Understanding and Deleting Old BigQuery Data in DataHub

Original Slack Thread

Hi Everyone!
I made some big query ingestion in our project but
on the dashboard its showing 1.3K big query datasets but I made only 4 big query ingestion seems some ingestion were made and deleted but data is there
How can I remove that old big query data if corresponding ingestions are deleted.

Hey there! :wave: Make sure your message includes the following information if relevant, so we can help more effectively!

  1. Are you using UI or CLI for ingestion?
  2. Which DataHub version are you using? (e.g. 0.12.0)
  3. What data source(s) are you integrating with DataHub? (e.g. BigQuery)

UI for ingestion
0.12.1
BigQuery

Can you tell me if this is your production environment or your local environment?

This statement is what you wrote:
“…the dashboard its showing 1.3K big query datasets but I made only 4 big query ingestion…”

Each ingestion run can bring in a lot of metadata from the source system, which creates many datasets.

Can you take a look at the “configured ingestion recipe”?
For example, if I am ingesting from mysql database, I may have 20 tables. This will create 20 datasets. I may have done one ingestion run.

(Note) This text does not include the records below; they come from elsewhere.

(* Let $A,B\in\mathcal{M}_n$, let $\psi\colon H^*(M(A);\mathbb{Z})\to H^*(M(B);\mathbb{Z})$ be a graded ring isomorphism (also denoting its rationalization by $\psi$), and let $\sigma$ be a permutation of $\{1,\dots,n\}$ and $q_1,\dots,q_n$ nonzero rationals with $\psi(y^A_j)=q_jy^B_{\sigma(j)}$ for all $j$. Fix $j\in\{1,\dots,n\}$ and suppose $a\in\mathbb{Z}\setminus\{0\}$, $u\in H^2(M(B);\mathbb{Z})$ and $k\in\{1,\dots,n\}$ satisfy $u(u+a\alpha^B_k)=0$ and $\mathrm{ht}(u)<k$. (i) If $(\psi(x^A_j),\psi(x^A_j-\alpha^A_j))=(ax^B_k+u,\ a(x^B_k-\alpha^B_k)-u)$, then $q_j=a$, $k=\sigma(j)$, and $a^i_j=0$ for every $i$ with $\sigma(i)>\sigma(j)$. (ii) If $(\psi(x^A_j),\psi(x^A_j-\alpha^A_j))=(ax^B_k+u,\ -a(x^B_k-\alpha^B_k)+u)$, then $\alpha^A_j=2aq_i^{-1}y^A_i$ for some $i<j$.
   Context: Let $\mathcal{M}_n$ be the set of integral strictly upper triangular $n\times n$ matrices $A=(A^i_j)$ ($A^i_j$ is the $(i,j)$ entry, and $A^i_j=0$ for $i\ge j$). For $A\in\mathcal{M}_n$, $M(A)$ denotes the Bott manifold obtained as the quotient of $(S^3)^n$ ($S^3\subset\mathbb{C}^2$ the unit sphere) by the free $(S^1)^n$-action $(g_1,\dots,g_n)\cdot((z_1,w_1),\dots,(z_n,w_n))=\big(((\prod_{k<j}g_k^{-A^k_j})g_jz_j,\ g_jw_j)\big)_{j=1}^n$. Let $x^A_j\in H^2(M(A);\mathbb{Z})$ be the first Chern class of the line bundle obtained as the quotient of $(S^3)^n\times\mathbb{C}$ where $g$ acts on the $\mathbb{C}$-factor by $g_j^{-1}$. Put $\alpha^A_j=\sum_{i<j}A^i_jx^A_i$. Then $H^*(M(A);\mathbb{Z})=\mathbb{Z}[x^A_1,\dots,x^A_n]/((x^A_j)^2-\alpha^A_jx^A_j\mid j=1,\dots,n)$. Define $y^A_j=x^A_j-\tfrac12\alpha^A_j\in H^2(M(A);\mathbb{Q})$. Let $a^i_j$ denote the $(i,j)$ entry of the matrix $(E-\tfrac12A)^{-1}$ ($E$ the identity matrix), so that $x^A_j=\sum_{i\le j}a^i_jy^A_i$. The same notation is used for $B$. For $v=\sum_i c_ix^B_i\in H^2(M(B);\mathbb{Z})$, the height $\mathrm{ht}(v)$ is $\max\{i\mid c_i\neq0\}$ (taken to be $0$ if $v=0$). *)

From mathcomp Require Import all_boot all_order all_algebra all_fingroup.
From mathcomp Require Import mpoly.
Set Implicit Arguments. Unset Strict Implicit. Unset Printing Implicit Defensive.
Import Order.TTheory GRing.Theory Num.Theory.
Local Open Scope ring_scope.

(* Indices 1..n of the paper are the ordinals 'I_n (0..n-1). *)

(* A in M_n : integral strictly upper triangular n x n matrix *)
Definition strict_upper n (A : 'M[int]_n) : Prop :=
  forall i j : 'I_n, (j <= i)%N -> A i j = 0.

(* Elements of H^2(M(A);R) (R = int or rat) are written in the basis
   x^A_1..x^A_n as column vectors of coordinates. *)
Definition xvec (R : nzRingType) n (j : 'I_n) : 'cV[R]_n :=
  \col_i (if i == j then 1 else 0).

Definition alpha n (A : 'M[int]_n) (j : 'I_n) : 'cV[int]_n :=
  \col_i (if (i < j)%N then A i j else 0).

Definition ratmx m p (M : 'M[int]_(m, p)) : 'M[rat]_(m, p) := map_mx intr M.

Definition yvec n (A : 'M[int]_n) (j : 'I_n) : 'cV[rat]_n :=
  ratmx (xvec _ j) - 2^-1 *: ratmx (alpha A j).

Definition acoef n (A : 'M[int]_n) (i j : 'I_n) : rat :=
  invmx (1%:M - 2^-1 *: ratmx A) i j.

(* height of v = sum_i c_i x_i : max{ i | c_i <> 0 } (1-indexed), 0 if v = 0 *)
Definition ht n (v : 'cV[int]_n) : nat :=
  \max_(i : 'I_n | v i 0 != 0) i.+1.

(* linear form sum_i v_i X_i in Z[X_1..X_n] representing v in H^2 *)
Definition linform n (v : 'cV[int]_n) : {mpoly int[n]} :=
  \sum_(i < n) v i 0 *: 'X_i.

Definition rel n (A : 'M[int]_n) (j : 'I_n) : {mpoly int[n]} :=
  'X_j ^+ 2 - linform (alpha A j) * 'X_j.

(* membership in the ideal I_A = ( x_j^2 - alpha_j x_j | j ),
   so that H^*(M(A);Z) = Z[x_1..x_n] / I_A; p = 0 in H^*(M(A)) iff inI A p *)
Definition inI n (A : 'M[int]_n) (p : {mpoly int[n]}) : Prop :=
  exists c : 'I_n -> {mpoly int[n]}, p = \sum_(j < n) c j * rel A j.

(* the ring endomorphism of Z[x_1..x_n] sending x_j to the linear form given
   by the j-th column of P; every graded ring map H^*(M(A)) -> H^*(M(B))
   lifts uniquely (on generators) to such a substitution, where column j of P
   is the image of x^A_j in H^2(M(B);Z) in the basis x^B. *)
Definition subst n (P : 'M[int]_n) (p : {mpoly int[n]}) : {mpoly int[n]} :=
  p \mPo [tuple linform (col j P) | j < n].

Definition induces_hom n (A B P : 'M[int]_n) : Prop :=
  forall p, inI A p -> inI B (subst P p).

Definition graded_ring_iso n (A B P : 'M[int]_n) : Prop :=
  induces_hom A B P /\
  exists Q : 'M[int]_n, induces_hom B A Q /\
    (forall p, inI A (subst Q (subst P p) - p)) /\
    (forall p, inI B (subst P (subst Q p) - p)).

(* Rationally, the classes y^B_l form a unitriangular basis of H^2(M(B)),
   and psi sends the basis y^A to it up to the permutation sigma and the
   scalars q.  Hence psi is injective, and comparing coefficients in the
   y^B basis is a triangular computation.
   (i) Averaging the two given images gives psi(y^A_j) = a y^B_k, so k =
   sigma j and q_j = a.  Expanding x^A_j = sum_i a^i_j y^A_i, the image
   a x^B_k + u has no component above k, which kills a^i_j q_i whenever
   sigma i > k.
   (ii) Subtracting the two given images gives psi(alpha^A_j) = 2a y^B_k =
   psi(2a/q_i y^A_i) for i = sigma^-1 k; injectivity gives
   alpha^A_j = 2a/q_i y^A_i, and reading off the i-th coordinate forces
   i < j. *)
From mathcomp Require Import all_boot all_order all_algebra all_fingroup.
From mathcomp Require Import mpoly.
From mathcomp Require Import zify ring lra.
Set Implicit Arguments. Unset Strict Implicit.
Import Order.TTheory GRing.Theory Num.Theory.
Local Open Scope ring_scope.

Section YBasis.
Variables (n : nat) (A : 'M[int]_n).

Lemma yvecE (l r : 'I_n) :
  yvec A l r 0 =
  (r == l)%:R - 2^-1 * (if (r < l)%N then (A r l)%:~R else 0).
Proof. by rewrite !mxE; case: (r == l); case: (r < l)%N. Qed.

Lemma yvec_diag (l : 'I_n) : yvec A l l 0 = 1.
Proof. by rewrite yvecE eqxx ltnn mulr0 subr0. Qed.

Lemma yvec_lt (l r : 'I_n) : (l < r)%N -> yvec A l r 0 = 0.
Proof.
move=> lt_lr; rewrite yvecE ltnNge (ltnW lt_lr) mulr0 subr0.
by rewrite -(inj_eq val_inj) /= gtn_eqF.
Qed.

Lemma yvec_half_sum (j : 'I_n) :
  yvec A j = 2^-1 *: (ratmx (xvec _ j) + ratmx (xvec _ j - alpha A j)).
Proof.
apply/matrixP => r z; rewrite !mxE !(rmorphB, rmorphD) /=.
by field.
Qed.

Lemma alpha_diff (j : 'I_n) :
  ratmx (alpha A j) = ratmx (xvec _ j) - ratmx (xvec _ j - alpha A j).
Proof. by apply/matrixP => r z; rewrite !mxE rmorphB /= opprB addrC subrK. Qed.

Lemma alpha_scaled_yvec_lt (i j : 'I_n) (c : rat) : c != 0 ->
  ratmx (alpha A j) = c *: yvec A i -> (i < j)%N.
Proof.
move=> nz_c /matrixP/(_ i 0); rewrite [in RHS]mxE yvec_diag mulr1 !mxE.
by case: ltnP => // _ /esym/eqP; rewrite (negbTE nz_c).
Qed.

(* The paper's matrix E - A/2; its columns are the y^A_l. *)
Definition half_shift : 'M[rat]_n := 1%:M - 2^-1 *: ratmx A.

Hypothesis hA : strict_upper A.

Lemma half_shift_unit : half_shift \in unitmx.
Proof.
rewrite unitmxE -det_tr det_trig.
  by rewrite big1 ?unitr1 // => i _; rewrite !mxE hA // eqxx /=; lra.
apply/is_trig_mxP => i j lt_ji; rewrite !mxE hA ?(ltnW lt_ji) //.
by rewrite -(inj_eq val_inj) /= (gtn_eqF lt_ji) /=; lra.
Qed.

Lemma yvec_expansion (w : 'cV[rat]_n) :
  w = \sum_l (invmx half_shift *m w) l 0 *: yvec A l.
Proof.
apply/matrixP => r z; rewrite (ord1 z) summxE.
rewrite -{1}[w]mul1mx -(mulmxV half_shift_unit) -mulmxA mxE.
apply: eq_bigr => l _; rewrite [in RHS]mxE yvecE mulrC !mxE; congr (_ * _).
by case: ltnP => // le_lr; rewrite hA.
Qed.

Lemma ycoord_xvec (i j : 'I_n) :
  (invmx half_shift *m ratmx (xvec _ j)) i 0 = acoef A i j.
Proof.
rewrite mxE (bigD1 j) //= !mxE eqxx mulr1 big1 ?addr0 // => l ne_lj.
by rewrite !mxE (negbTE ne_lj) mulr0.
Qed.

End YBasis.

Lemma half_sum_images_yvec n (B : 'M[int]_n) (k : 'I_n) (a : int)
    (u : 'cV[int]_n) :
  2^-1 *: (ratmx (a *: xvec _ k + u) + ratmx (a *: (xvec _ k - alpha B k) - u))
  = a%:~R *: yvec B k.
Proof.
apply/matrixP => r z; rewrite !mxE !(rmorphB, rmorphD, rmorphN, rmorphM) /=.
by field.
Qed.

Lemma diff_images_yvec n (B : 'M[int]_n) (k : 'I_n) (a : int)
    (u : 'cV[int]_n) :
  ratmx (a *: xvec _ k + u) - ratmx (- (a *: (xvec _ k - alpha B k)) + u)
  = (2 * a%:~R) *: yvec B k.
Proof.
apply/matrixP => r z; rewrite !mxE !(rmorphB, rmorphD, rmorphN, rmorphM) /=.
by field.
Qed.

(* Downward induction on sigma i: the coordinate sigma i of the sum only sees
   the terms with sigma l >= sigma i, all of which vanish but the i-th. *)
Lemma sum_yvec_perm_coef_eq0 n (B : 'M[int]_n) (s : 'S_n) (c : 'I_n -> rat)
    (t : nat) :
  (forall r : 'I_n, (t <= r)%N -> (\sum_i c i *: yvec B (s i)) r 0 = 0) ->
  forall i, (t <= s i)%N -> c i = 0.
Proof.
move=> hv i; have [m] := ubnP (n - s i); elim: m i => // m IH i hm le_ti.
have := hv _ le_ti; rewrite summxE (bigD1 i) //= mxE yvec_diag mulr1.
rewrite big1 ?addr0 // => l ne_li; rewrite mxE.
case: (ltngtP (s l) (s i)) => [lt_li | lt_il | /val_inj/perm_inj eq_li].
- by rewrite yvec_lt ?mulr0.
- by rewrite IH ?mul0r //; have := ltn_ord (s l); lia.
- by rewrite eq_li eqxx in ne_li.
Qed.

Lemma ht_coord_eq0 n (u : 'cV[int]_n) (k r : 'I_n) :
  (ht u < k.+1)%N -> (k < r)%N -> u r 0 = 0.
Proof.
move=> hht lt_kr; apply: contraTeq hht => nz_ur; rewrite -leqNgt.
exact: leq_ltn_trans (ltnW lt_kr)
  (@leq_bigmax_cond _ _ (fun i : 'I_n => i.+1) r nz_ur).
Qed.

Section PermutedYBasis.
Variables (n : nat) (A B P : 'M[int]_n) (sigma : 'S_n) (q : 'I_n -> rat).
Hypotheses (hA : strict_upper A) (hq : forall j, q j != 0)
  (hy : forall j, ratmx P *m yvec A j = q j *: yvec B (sigma j)).

Lemma mulmx_yvec_expansion (w : 'cV[rat]_n) :
  ratmx P *m w =
  \sum_l ((invmx (half_shift A) *m w) l 0 * q l) *: yvec B (sigma l).
Proof.
rewrite {1}(yvec_expansion hA w) mulmx_sumr; apply: eq_bigr => l _.
by rewrite -scalemxAr hy scalerA.
Qed.

Lemma ycoord_eq0_high (w : 'cV[rat]_n) (t : nat) :
  (forall r : 'I_n, (t <= r)%N -> (ratmx P *m w) r 0 = 0) ->
  forall l, (t <= sigma l)%N -> (invmx (half_shift A) *m w) l 0 = 0.
Proof.
rewrite mulmx_yvec_expansion => hv l le_tl.
have /eqP := sum_yvec_perm_coef_eq0 hv le_tl.
by rewrite mulf_eq0 (negbTE (hq l)) orbF => /eqP.
Qed.

Lemma ratmx_mulmx_inj (w : 'cV[rat]_n) : ratmx P *m w = 0 -> w = 0.
Proof.
move=> hw; rewrite (yvec_expansion hA w); apply: big1 => l _.
by rewrite (@ycoord_eq0_high _ 0) ?scale0r // => r _; rewrite hw mxE.
Qed.

Lemma mulmx_yvec_eq (j k : 'I_n) (c : rat) : c != 0 ->
  ratmx P *m yvec A j = c *: yvec B k -> k = sigma j /\ q j = c.
Proof.
move=> nz_c; rewrite hy => /matrixP hjk.
have coord r : q j * yvec B (sigma j) r 0 = c * yvec B k r 0.
  by have := hjk r 0; rewrite !mxE.
have eq_k : k = sigma j.
  case: (ltngtP (sigma j) k) => [lt_jk | lt_kj | /val_inj //].
  - by have := coord k; rewrite yvec_lt // yvec_diag mulr0 mulr1 => /esym/eqP;
      rewrite (negbTE nz_c).
  - by have := coord (sigma j); rewrite yvec_diag yvec_lt // mulr0 mulr1
      => /eqP; rewrite (negbTE (hq j)).
by split=> //; have := coord k; rewrite -eq_k yvec_diag !mulr1.
Qed.

End PermutedYBasis.

Theorem lemma4p3 (n : nat) (A B P : 'M[int]_n)
  (hA : strict_upper A) (hB : strict_upper B)
  (hpsi : graded_ring_iso A B P)
  (sigma : 'S_n) (q : 'I_n -> rat) (hq : forall j, q j != 0)
  (hy : forall j : 'I_n,
      ratmx P *m yvec A j = q j *: yvec B (sigma j))
  (j : 'I_n) (a : int) (ha : a != 0) (u : 'cV[int]_n) (k : 'I_n)
  (hu : inI B (linform u * linform (u + a *: alpha B k)))
  (hht : (ht u < k.+1)%N) :
  (P *m xvec _ j = a *: xvec _ k + u ->
   P *m (xvec _ j - alpha A j) = a *: (xvec _ k - alpha B k) - u ->
   [/\ q j = a%:~R, k = sigma j &
       forall i : 'I_n, (sigma j < sigma i)%N -> acoef A i j = 0])
  /\
  (P *m xvec _ j = a *: xvec _ k + u ->
   P *m (xvec _ j - alpha A j) = - (a *: (xvec _ k - alpha B k)) + u ->
   exists2 i : 'I_n, (i < j)%N &
     ratmx (alpha A j) = (2 * a%:~R / q i) *: yvec A i).
Proof.
have nz_a : (a%:~R : rat) != 0 by rewrite intr_eq0.
split=> [Px Pxa | Px Pxa].
- have Py : ratmx P *m yvec A j = a%:~R *: yvec B k.
    by rewrite yvec_half_sum -scalemxAr mulmxDr -!map_mxM Px Pxa
      half_sum_images_yvec.
  have [eq_k eq_q] := mulmx_yvec_eq hq hy nz_a Py.
  split=> // i lt_ji; rewrite -ycoord_xvec.
  apply: (ycoord_eq0_high hA hq hy (t := k.+1)); last by rewrite eq_k.
  move=> r lt_kr; rewrite -map_mxM Px !mxE (ht_coord_eq0 hht lt_kr) addr0.
  by rewrite -(inj_eq val_inj) /= (gtn_eqF lt_kr) mulr0.
- have Palpha : ratmx P *m ratmx (alpha A j) = (2 * a%:~R) *: yvec B k.
    by rewrite alpha_diff mulmxBr -!map_mxM Px Pxa diff_images_yvec.
  pose i := (sigma^-1)%g k; set c := 2 * a%:~R / q i.
  have alpha_eq : ratmx (alpha A j) = c *: yvec A i.
    apply/eqP; rewrite -subr_eq0; apply/eqP/(ratmx_mulmx_inj hA hq hy).
    by rewrite mulmxBr Palpha -scalemxAr hy permKV scalerA divfK ?subrr.
  exists i => //; apply: alpha_scaled_yvec_lt alpha_eq.
  by rewrite !mulf_eq0 invr_eq0 negb_or nz_a (hq i) andbT.
Qed.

Can you see if there is information here that will help you?
https://datahubproject.io/docs/ui-ingestion/#debugging-a-failed-ingestion-run

This is production env and even all 4 ingestions showing only 20 asset resources

it seems some ingestion were made previously but they are deleted but ingestion data asset are still there

any way to delete those?

Can you follow these instructions:
https://datahubproject.io/docs/next/api/tutorials/datasets#delete-dataset

I use the curl approach for which you need an access token which you can obtain by following these instructions:
https://datahubproject.io/docs/next/authentication/personal-access-tokens/